[Supplied material — start]
Lemma Sink_mass u : continuous u ->
  Rintegral mu setT (fun x => expR (S u x - u x)) = 1.
Proof.
move=> cu; pose v := vfun mu c u.
have cv : continuous v by exact: (soft_transform_continuous cptX c_swap_continuous cu).
pose F p := expR (- c p - u p.1 - v p.2).
have cF : continuous F by rewrite /F; continuity.
have x_marginal x : expR (S u x - u x) = Rintegral nu setT (fun y => F (x, y)).
  rewrite /Sink /ufun -/v expRD lnK ?posrE; last first.
    by apply: Rintegral_expR_gt0 => //; continuity.
  rewrite -RintegralZr //; last by integrable.
  by apply: eq_Rintegral => y _; rewrite /F -expRD; congr expR; ring.
have y_marginal y : Rintegral mu setT (fun x => F (x, y)) = 1.
  rewrite -(expR0 R) -(subrr (v y)) expRD {1}/v /vfun lnK ?posrE; last first.
    by apply: Rintegral_expR_gt0 => //; continuity.
  rewrite -RintegralZr //; last by integrable.
  by apply: eq_Rintegral => x _; rewrite /F -expRD; congr expR; ring.
under eq_Rintegral do rewrite x_marginal.
rewrite (fubini_continuous cptX cptY mu nu cF).
under eq_Rintegral do rewrite y_marginal.
exact: Rintegral_cstT.
Qed.

Lemma Sink_drift_sign u (a b : R) : continuous u ->
  (forall x, a <= S u x - u x <= b) -> a <= 0 <= b.
Proof.
move=> cu ab; have cSu := Sink_continuous cu.
suff : expR a <= 1 <= expR b by rewrite -expR0 !ler_expR.
rewrite -(Sink_mass cu) -{1}[expR a](Rintegral_cstT mu) -[expR b](Rintegral_cstT mu).
by apply/andP; split; apply: le_Rintegral => //; try integrable;
  move=> x _; rewrite ler_expR; case/andP: (ab x).
Qed.

Lemma Sink_iter_geometric u0 : continuous u0 ->
  exists q W, 0 <= q < 1 /\
    forall m x, `|iter m.+1 S u0 x - iter m S u0 x| <= geometric W q m.
Proof.
move=> cu0; pose u m := iter m S u0.
have cu m : continuous (u m) by exact: iter_Sink_continuous.
have [M uM] : exists M, forall x, `|u 1%N x - u 0%N x| <= M.
  by have cu1 := cu 1%N; apply: continuous_bounded => //; continuity.
have /andP[k0 k1] := factor_bounds.
exists rate, (expR (M + M) - 1); split.
  by rewrite /rate exprn_ge0 //= expr_lt1.
move=> m x; rewrite /geometric /= mulrC.
change (`|u m.+1 x - u m x| <= rate ^+ m * (expR (M + M) - 1)).
have [a [b [ab osc]]] : exists a b, (forall x, a <= u m.+1 x - u m x <= b) /\
    expR (b - a) - 1 <= rate ^+ m * (expR (M + M) - 1).
  elim: m => [|m [a [b [ab osc]]]].
    by exists (- M), M; split => [y|]; rewrite ?expr0 ?mul1r ?opprK // -ler_norml.
  have [a' [b' [_ _ ab' osc']]] := Sink_contraction (cu m.+1) (cu m) ab.
  exists a', b'; split => //; rewrite exprS -mulrA.
  by apply: le_trans osc' (ler_wpM2l _ osc); rewrite exprn_ge0.
have /andP[a0 b0] := Sink_drift_sign (cu m) ab.
apply: le_trans osc; have /andP[lo hi] := ab x; have := expR_ge1Dx (b - a).
by rewrite ler_norml; lra.
Qed.

Lemma Sink_limit_fixed u0 uinf (d : nat -> R) :
  continuous u0 -> continuous uinf -> d @ \oo --> 0 ->
  (forall m x, `|iter m S u0 x - uinf x| <= d m) -> S uinf = uinf.
Proof.
move=> cu0 cuinf d0 ud; apply/funext => x.
apply/eqP; rewrite -subr_eq0 -normr_le0; apply/ler_addgt0Pr => e e0.
have e2 : 0 < e / 2 by rewrite divr_gt0.
have [N _ dN] := cvgr_lt 0 d0 _ e2.
have uinf_uN y : `|uinf y - iter N S u0 y| <= d N by rewrite distrC.
have SuN := Sink_dist_le cuinf (iter_Sink_continuous (m := N) cu0) uinf_uN x.
have tri := ler_distD (iter N.+1 S u0 x) (S uinf x) (uinf x).
rewrite add0r; apply: le_trans tri (le_trans (lerD SuN (ud N.+1 x)) _).
by have := dN N (leqnn N); have := dN N.+1 (leqnSn N); lra.
Qed.

End Sinkhorn.

Theorem theorem2p8 (R : realType) (X Y : ptopologicalType)
  (hX : compact [set: X]) (hY : compact [set: Y])
  (mu : probability (borel X) R) (nu : probability (borel Y) R)
  (c : X * Y -> R) (hc : continuous c)
  (u0 : X -> R) (hu0 : continuous u0) :
  exists uinf : X -> R,
    continuous uinf /\ Sink mu nu c uinf = uinf /\
    (forall e : R, 0 < e -> exists N : nat, forall m : nat, (N <= m)%N ->
       forall x : X, `| iter m (Sink mu nu c) u0 x - uinf x | < e).
Proof.
have [C cC] : exists C, forall p, `|c p| <= C.
  by apply: continuous_bounded => //; rewrite -setXTT; exact: compact_setX.
have [q [W [q01 du]]] := Sink_iter_geometric hX hY mu nu hc cC hu0.
have [uinf ud] := geometric_uniform_limit q01 du.
have d0 : geometric (W / (1 - q)) q @ \oo --> 0.
  by apply: cvg_geometric; case/andP: q01 => q0 q1; rewrite ger0_norm.
have cu m : continuous (iter m (Sink mu nu c) u0) by exact: iter_Sink_continuous.
have cuinf := dist_limit_continuous d0 cu ud.
exists uinf; split=> //; split.
  by apply: (Sink_limit_fixed hX hY hc cC hu0 cuinf d0).
move=> e e0; have [N _ dN] := cvgr_lt 0 d0 _ e0.
by exists N => m Nm x; exact: le_lt_trans (ud m x) (dN m Nm).
Qed.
[Supplied material — finish]
Using the entries above, copy out all lines that contain the string "expRD".

* _Your solution_
  rewrite /Sink /ufun -/v expRD lnK ?posrE; last first.
  by apply: eq_Rintegral => y _; rewrite /F -expRD; congr expR; ring.
  rewrite -(expR0 R) -(subrr (v y)) expRD {1}/v /vfun lnK ?posrE; last first.
  by apply: eq_Rintegral => x _; rewrite /F -expRD; congr expR; ring.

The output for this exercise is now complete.